REPORT CARD VS. BUCS
–PASSING OFFENSE: C-minus — Brandon Marshall and Martellus Bennett dropped passes early, and Jay Cutler wilted for a while under the pass-rush pressure when the offensive line had trouble handling Gerald McCoy. Although Cutler threw for only 130 yards, he did avoid an interception after throwing at least one in each of the previous four games. And his ability to get it into the end zone from the red zone when the Bears defense created a short field with turnovers was the offensive difference in the second half.
–RUSHING OFFENSE: C — Once the Bears broke Matt Forte for a 19-yard run starting the second half, it seemed to give some flow to the entire offense. Jay Cutler had less pressure on him when Forte became a threat. The goal-line and short-yardage running by Forte continued to be a positive after years when the Bears would always bring in a short-yardage back who usually failed.
–PASS DEFENSE: A-minus — The only negative came in the form of a few missed tackles on short passes that resulted in big gains. A season-high five sacks led to matching the season high with four turnovers forced, including two interceptions. Stephen Paea continues to enjoy his best season in a contract year at defensive tackle with two sacks. The cornerbacks handled Tampa Bay’s size at receiver well downfield, with Kyle Fuller allowing one touchdown. Young corners Al Louis-Jean and Demontre Hurst avoided breakdowns, as fill-ins for injured players.

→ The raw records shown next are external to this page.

(* Suppose each net demand function $D_i$ ($i=1,\dots,N$) satisfies the Net Demand Assumption. Let $\mathcal L$ be the Lagrangian defined below. Then a vector $(\mathbf P^*,\mathcal Q^*,\mathbf E^*,\mathbf L^* )\in\mathbb R^N_{>0}\times\mathbb R^{N(N+2)}_{\ge0}$ is a saddle point of $\mathcal L$ on $\mathbb R^N_{\ge0}\times\mathbb R^{N(N+2)}_{\ge0}$ if and only if it is a competitive equilibrium.
   Context: Economy with $N$ sectors; sector $i$ has production function $F_i:\mathbb R^{N+2}_{\ge0}\to\mathbb R_{\ge0}$, labor cost $W_i:\mathbb R_{\ge0}\to\mathbb R_{>0}$; carbon price $P_E>0$ is fixed. An allocation is $(\mathcal Q,\mathbf E,\mathbf L)$ with $\mathcal Q=(q_{ij})_{i,j=1}^N$, $\mathbf q_i=(q_{ij})_j$, $\mathbf E=(E_i)$, $\mathbf L=(L_i)$, all nonnegative. Profit $\Pi_i(\mathbf P,P_E,\mathbf q_i,E_i,L_i)=P_iF_i(\mathbf q_i,E_i,L_i)-\sum_jP_jq_{ij}-P_EE_i-W_i(L_i)$. Net Demand Assumption: $D_i:\mathbb R_{\ge0}\to\mathbb R$ is strictly decreasing and continuous on $\mathbb R_{>0}$, with $\lim_{P\to0}D_i(P)=\infty$ and $\lim_{P\to\infty}D_i(P)\le0$. Consumer surplus $\Delta_i(P)=\int_1^PD_i(z)\,dz$ (i.e. $-\int_P^1D_i$ for $P\le1$, possibly $-\infty$ at $P=0$). Lagrangian: $\mathcal L(\mathbf P,\mathcal Q,\mathbf E,\mathbf L)=\sum_{i=1}^N\{P_iF_i(\mathbf q_i,E_i,L_i)-\sum_jP_jq_{ij}-P_EE_i-W_i(L_i)-\Delta_i(P_i)\}$. Saddle point: $(\mathbf P^*,\mathcal Q^*,\mathbf E^*,\mathbf L^* )$ with $\mathcal L(\mathbf P^*,\mathcal Q,\mathbf E,\mathbf L)\le\mathcal L(\mathbf P^*,\mathcal Q^*,\mathbf E^*,\mathbf L^* )\le\mathcal L(\mathbf P,\mathcal Q^*,\mathbf E^*,\mathbf L^* )$ for all $\mathbf P\in\mathbb R^N_{\ge0}$, $(\mathcal Q,\mathbf E,\mathbf L)\in\mathbb R^{N(N+2)}_{\ge0}$. Competitive equilibrium: $(\mathbf P^*,\mathcal Q^*,\mathbf E^*,\mathbf L^* )\in\mathbb R^N_{\ge0}\times\mathbb R^{N(N+2)}_{\ge0}$ such that for each $i$: (i) market clearing $F_i(\mathbf q_i^*,E_i^*,L_i^* )=D_i(P_i^* )+\sum_{j=1}^Nq^*_{ji}$; (ii) $(\mathbf q_i^*,E_i^*,L_i^* )$ maximizes $\Pi_i(\mathbf P^*,P_E,\cdot)$ over $\mathbb R^{N+2}_{\ge0}$. *)

From HB Require Import structures.
From mathcomp Require Import all_boot all_order all_algebra.
From mathcomp Require Import all_classical all_reals all_analysis.
Set Implicit Arguments. Unset Strict Implicit. Unset Printing Implicit Defensive.
Import Order.TTheory GRing.Theory Num.Theory.
Import numFieldNormedType.Exports.
Local Open Scope classical_set_scope.
Local Open Scope ring_scope.

(* Net Demand Assumption for D : R -> R (only values on [0,oo) matter). *)
Definition net_demand_assumption (R : realType) (D : R -> R) : Prop :=
  (forall x y : R, 0 < x -> x < y -> D y < D x) /\
  {in `]0, +oo[, continuous D} /\
  (D x @[x --> 0^'+] --> +oo) /\
  (exists l : \bar R, ((D x)%:E @[x --> +oo] --> l) /\ (l <= 0)%E).

Definition surplus (R : realType) (D : R -> R) (P : R) : \bar R :=
  if 1 <= P then (\int[@lebesgue_measure R]_(x in `[1%R, P]%classic) (D x)%:E)%E
  else (- \int[@lebesgue_measure R]_(x in `[P, 1%R]%classic) (D x)%:E)%E.

Definition profit (R : realType) (N : nat)
  (F : 'I_N -> ('I_N -> R) -> R -> R -> R) (W : 'I_N -> R -> R)
  (i : 'I_N) (P : 'I_N -> R) (PE : R) (qi : 'I_N -> R) (Ei Li : R) : R :=
  P i * F i qi Ei Li - \sum_(j < N) P j * qi j - PE * Ei - W i Li.

Definition lagrangian (R : realType) (N : nat)
  (F : 'I_N -> ('I_N -> R) -> R -> R -> R) (W : 'I_N -> R -> R)
  (D : 'I_N -> R -> R) (PE : R)
  (P : 'I_N -> R) (Q : 'I_N -> 'I_N -> R) (E L : 'I_N -> R) : \bar R :=
  (\sum_(i < N) ((profit F W i P PE (Q i) (E i) (L i))%:E
                   - surplus (D i) (P i)))%E.

Definition nonneg_alloc (R : realType) (N : nat)
  (Q : 'I_N -> 'I_N -> R) (E L : 'I_N -> R) : Prop :=
  (forall i j, 0 <= Q i j) /\ (forall i, 0 <= E i) /\ (forall i, 0 <= L i).

Definition saddle_point (R : realType) (N : nat)
  (F : 'I_N -> ('I_N -> R) -> R -> R -> R) (W : 'I_N -> R -> R)
  (D : 'I_N -> R -> R) (PE : R)
  (Ps : 'I_N -> R) (Qs : 'I_N -> 'I_N -> R) (Es Ls : 'I_N -> R) : Prop :=
  (forall Q E L, nonneg_alloc Q E L ->
     (lagrangian F W D PE Ps Q E L <= lagrangian F W D PE Ps Qs Es Ls)%E) /\
  (forall P : 'I_N -> R, (forall i, 0 <= P i) ->
     (lagrangian F W D PE Ps Qs Es Ls <= lagrangian F W D PE P Qs Es Ls)%E).

Definition competitive_equilibrium (R : realType) (N : nat)
  (F : 'I_N -> ('I_N -> R) -> R -> R -> R) (W : 'I_N -> R -> R)
  (D : 'I_N -> R -> R) (PE : R)
  (Ps : 'I_N -> R) (Qs : 'I_N -> 'I_N -> R) (Es Ls : 'I_N -> R) : Prop :=
  (forall i, 0 <= Ps i) /\ nonneg_alloc Qs Es Ls /\
  forall i : 'I_N,
    F i (Qs i) (Es i) (Ls i) = D i (Ps i) + \sum_(j < N) Qs j i /\
    (forall (qi : 'I_N -> R) (Ei Li : R),
       (forall j, 0 <= qi j) -> 0 <= Ei -> 0 <= Li ->
       profit F W i Ps PE qi Ei Li <= profit F W i Ps PE (Qs i) (Es i) (Ls i)).

From mathcomp Require Import all_boot all_order all_algebra.
From mathcomp Require Import all_classical all_reals all_analysis.
From mathcomp Require Import measurable_realfun lra.
Import Order.TTheory GRing.Theory Num.Theory.
Import numFieldNormedType.Exports.
Set Implicit Arguments. Unset Strict Implicit. Unset Printing Implicit Defensive.
Local Open Scope classical_set_scope.
Local Open Scope ring_scope.

(* For positive prices the Lagrangian is finite and separates in two ways.  As
   a function of the inputs of sector i alone it is the profit of sector i, so
   maximality in the allocation is profit maximisation.  As a function of P_i
   alone it is P_i y_i - Delta_i(P_i), where y_i is the output of sector i not
   used as an input by the sectors.  Delta_i is concave with slope D_i: the
   tangent-line bound Delta_i(p) <= Delta_i(P_i) + (p - P_i) D_i(P_i) follows
   from monotone bounds on the integral of D_i, and still holds at p = 0, where
   Delta_i may be -oo.  So P_i minimises the Lagrangian when y_i = D_i(P_i);
   conversely, by continuity of D_i, D_i(P_i) is the only slope of a line
   supporting Delta_i at P_i, so minimality forces market i to clear. *)

Lemma integral_ge_cst d (T : measurableType d) (R : realType)
    (mu : {measure set T -> \bar R}) (A : set T) (f : T -> R) (c : R) :
  measurable A -> measurable_fun A f ->
  (forall x, A x -> c <= f x) ->
  (c%:E * mu A <= \int[mu]_(x in A) (f x)%:E)%E.
Proof.
move=> mA mf cf.
have mfE : measurable_fun A (EFin \o f) by exact/measurable_EFinP.
have [c0|c0] := leP 0 c.
  rewrite -(integral_cst mu mA); apply: ge0_le_integral => //=.
have fneg : (\int[mu]_(x in A) (EFin \o f)^\- x <= (- c)%:E * mu A)%E.
  rewrite -(integral_cst mu mA); apply: ge0_le_integral => //=.
  - exact: measurable_funeneg.
  - move=> x Ax; rewrite funenegE /= ge_max !lee_fin lerN2 cf //=.
    by rewrite lerNr oppr0 ltW.
have -> : (c%:E * mu A = 0 - (- c)%:E * mu A)%E by rewrite sub0e EFinN mulNe oppeK.
rewrite integralE.
by apply: leeB fneg; apply: integral_ge0 => x _; exact: funepos_ge0.
Qed.

Lemma lebesgue_measure_itv_le (R : realType) (ba bb : bool) (a b : R) : a <= b ->
  lebesgue_measure [set` Interval (BSide ba a) (BSide bb b)] = (b - a)%:E.
Proof.
rewrite le_eqVlt => /predU1P[->|ab]; rewrite lebesgue_measure_itv /= lte_fin.
  by rewrite ltxx subrr.
by rewrite ab EFinB.
Qed.

Lemma disjoint_itv_split (R : realType) (a b : itv_bound R) (m : R) :
  [disjoint [set` Interval a (BLeft m)] & [set` Interval (BLeft m) b]].
Proof.
rewrite disj_set2E; apply/eqP/seteqP; split => // x [] /=.
rewrite !itv_boundlr => /andP[_ xm] /andP[mx _].
by have := le_trans xm mx; rewrite bnd_simp ltxx.
Qed.

Section concave_surplus.
Variables (R : realType) (D : R -> R).
Hypothesis D_nonincr : forall {x y : R}, 0 < x -> x <= y -> D y <= D x.
Hypothesis D_cont : {in `]0, +oo[, continuous D}.
Local Notation mu := (@lebesgue_measure R).

Lemma measurable_fun_demand (A : set R) :
  measurable A -> A `<=` `]0, +oo[ -> measurable_fun A D.
Proof.
move=> mA sA; apply: (measurable_funS _ sA) => //.
apply: open_continuous_measurable_fun; first exact: interval_open.
by move=> x; rewrite inE => /D_cont.
Qed.

Lemma integrable_demand (a b : R) : 0 < a -> mu.-integrable `[a, b] (EFin \o D).
Proof.
move=> a0; apply: measurable_bounded_integrable => //.
- by rewrite /= lebesgue_measure_itv; case: ifP => //= _; rewrite -EFinD ltry.
- apply: measurable_fun_demand => // x /=; rewrite !in_itv /= andbT.
  by case/andP => /(lt_le_trans a0).
- exists (`|D a| + `|D b|); split; first by rewrite num_real.
  move=> M /ltW hM x /=; rewrite in_itv /= => /andP[ax xb]; apply: le_trans hM.
  have := D_nonincr a0 ax; have := D_nonincr (lt_le_trans a0 ax) xb.
  have := ler_norm (D a); have := ler_norm (- D b); rewrite normrN.
  have := normr_ge0 (D a); have := normr_ge0 (D b).
  by rewrite ler_norml => *; apply/andP; split; lra.
Qed.

Lemma Rintegral_demand_EFin (a b : R) : 0 < a ->
  (\int[mu]_(x in `[a, b]) D x)%:E = (\int[mu]_(x in `[a, b]) (D x)%:E)%E.
Proof.
by move=> a0; rewrite /Rintegral fineK // integrable_fin_num // integrable_demand.
Qed.

Lemma Rintegral_demand_bounds (a b : R) : 0 < a -> a <= b ->
  (b - a) * D b <= \int[mu]_(x in `[a, b]) D x <= (b - a) * D a.
Proof.
move=> a0 ab.
have cstE c : \int[mu]_(x in `[a, b]) c = (b - a) * c.
  by rewrite Rintegral_cst //= lebesgue_measure_itv_le // mulrC.
have cst_int c : mu.-integrable `[a, b] (EFin \o cst c).
  apply: measurable_bounded_integrable => //.
    by rewrite /= lebesgue_measure_itv_le // ltry.
  by exists `|c|; split; [rewrite num_real | move=> M cM x _; exact: ltW].
rewrite -!cstE; apply/andP; split; apply: le_Rintegral => //.
- exact: cst_int.
- exact: integrable_demand.
- move=> x /=; rewrite in_itv /= => /andP[ax xb].
  exact: D_nonincr (lt_le_trans a0 ax) xb.
- exact: integrable_demand.
- exact: cst_int.
- by move=> x /=; rewrite in_itv /= => /andP[ax _]; exact: D_nonincr a0 ax.
Qed.

Lemma Rintegral_demand_split (a c b : R) : 0 < a -> a <= c -> c <= b ->
  \int[mu]_(x in `[a, b]) D x =
  \int[mu]_(x in `[a, c]) D x + \int[mu]_(x in `[c, b]) D x.
Proof.
move=> a0 ac cb; rewrite (@itv_bndbnd_setU _ _ _ (BLeft c)) ?bnd_simp //.
rewrite Rintegral_setU //.
- rewrite Rintegral_itv_bndo_bndc //.
  by apply: integrableS (integrable_demand b a0) => //; apply: subset_itvl.
- by rewrite -itv_bndbnd_setU ?bnd_simp //; exact: integrable_demand.
- exact: disjoint_itv_split.
Qed.

Definition rsurplus (p : R) : R :=
  if 1 <= p then \int[mu]_(x in `[1, p]) D x else - \int[mu]_(x in `[p, 1]) D x.

Lemma surplusE (p : R) : 0 < p -> surplus D p = (rsurplus p)%:E.
Proof.
move=> p0; rewrite /surplus /rsurplus.
by case: ifP => _; rewrite ?EFinN Rintegral_demand_EFin.
Qed.

Lemma rsurplus1 : rsurplus 1 = 0.
Proof.
have := Rintegral_demand_bounds ltr01 (lexx 1).
by rewrite subrr !mul0r -eq_le /rsurplus lexx => /eqP.
Qed.

Lemma rsurplusB (a b : R) : 0 < a -> a <= b ->
  rsurplus b - rsurplus a = \int[mu]_(x in `[a, b]) D x.
Proof.
move=> a0 ab; rewrite /rsurplus; case: ifPn => b1; case: ifPn => a1.
- by rewrite (@Rintegral_demand_split 1 a b) //; lra.
- by rewrite (@Rintegral_demand_split a 1 b) //; [lra | rewrite ltW // ltNge].
- by move: b1; rewrite (le_trans a1 ab).
- by rewrite (@Rintegral_demand_split a b 1) //; [lra | rewrite ltW // ltNge].
Qed.

Lemma rsurplusB_bounds (a b : R) : 0 < a -> a <= b ->
  (b - a) * D b <= rsurplus b - rsurplus a <= (b - a) * D a.
Proof. by move=> a0 ab; rewrite rsurplusB //; exact: Rintegral_demand_bounds. Qed.

Lemma rsurplus_le_tangent (ps p : R) : 0 < ps -> 0 < p ->
  rsurplus p <= rsurplus ps + (p - ps) * D ps.
Proof.
move=> ps0 p0; have [psp|pps] := leP ps p.
  by have /andP[_] := rsurplusB_bounds ps0 psp; nra.
by have /andP[+ _] := rsurplusB_bounds p0 (ltW pps); nra.
Qed.

Lemma surplus0_le_tangent (ps : R) : 0 < ps ->
  (surplus D 0 <= (rsurplus ps - ps * D ps)%:E)%E.
Proof.
move=> ps0; set m := Num.min ps 1.
have m0 : 0 < m by rewrite lt_min ps0 ltr01.
have m1 : m <= 1 by rewrite ge_min lexx orbT.
have mps : m <= ps by rewrite ge_min lexx.
have mD01 : measurable_fun (`]0, 1] : set R) (EFin \o D).
  apply/measurable_EFinP; apply: measurable_fun_demand => // x /=.
  by rewrite !in_itv /= andbT => /andP[].
have lb0m : ((D m)%:E * m%:E <= \int[mu]_(x in `]0%R, m[) (D x)%:E)%E.
  have := lebesgue_measure_itv_le false true (ltW m0); rewrite subr0 => <-.
  apply: integral_ge_cst => //.
    by apply: measurable_fun_demand => // x /=; rewrite !in_itv /= andbT => /andP[].
  by move=> x /=; rewrite in_itv /= => /andP[x0 xm]; exact: D_nonincr x0 (ltW xm).
rewrite /surplus ler10 leeNl -EFinN opprB -integral_itv_obnd_cbnd //.
rewrite (@itv_bndbnd_setU _ _ _ (BLeft m)) ?bnd_simp // integral_setU //.
- rewrite -Rintegral_demand_EFin // -rsurplusB // rsurplus1 sub0r.
  apply: le_trans (leeD lb0m (lexx _)); rewrite -EFinM -EFinD lee_fin.
  by have := rsurplus_le_tangent ps0 m0; have := D_nonincr m0 mps; nra.
- by rewrite -itv_bndbnd_setU ?bnd_simp.
- exact: disjoint_itv_split.
Qed.

Lemma surplus_le_tangent (ps p : R) : 0 < ps -> 0 <= p ->
  (surplus D p <= (rsurplus ps + (p - ps) * D ps)%:E)%E.
Proof.
move=> ps0; rewrite le_eqVlt => /predU1P[<-|p0].
  by rewrite sub0r mulNr; exact: surplus0_le_tangent.
by rewrite surplusE // lee_fin; exact: rsurplus_le_tangent.
Qed.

–RUSH DEFENSE: A — Even losing Lance Briggs didn’t prevent the defensive front from holding the Bucs to 66 total rushing yards and 3.0 yards a carry. Normally losing their defensive signal caller has resulted in players being out of their assignment lanes and the defense getting gashed. Tampa couldn’t get any consistency in the running game, whether in the spread or tighter formations.
–SPECIAL TEAMS: C-minus — If there’s something that can go wrong for the Bears on special teams, it usually does. On Sunday a holding penalty on Ryan Mundy on a punt return and a false start by Christian Jones on a punt helped to spoil field position. Then Pat O’Donnell produced 20-yard and 18-yard punts at the worst possible times in the final minutes. Robbie Gould had a 54-yard field goal into the wind that was strong enough to be halfway up the upright — and it struck the upright. However, there were positives, such as Marc Mariani handling punts and kicks without incident and coverage units making plays to keep the Bucs inside their own 20 to start five drives.
–COACHING: C-plus — Marc Trestman and offensive coordinator Aaron Kromer have to get a huge portion of the blame for the offense starting slowly for the fifth straight game. They’ve trailed at least 10-0 in the last five games. Trestman did inspire some productivity in the second half by challenging offensive players at halftime in the locker room. He also deserves credit for a cautious game plan in the second half, even if it indicated his confidence in Jay Cutler to avoid an interception is just not there. Mel Tucker’s defensive game plan showed a good knowledge of where Josh McCown’s weaknesses are. The Bears applied pressure up the middle and moved around their landmarks in zone coverage. It was a simpler scheme than used in some previous games where the Bears defense succeeded, but it worked efficiently to give Lovie Smith a dose of his own medicine and produced turnovers.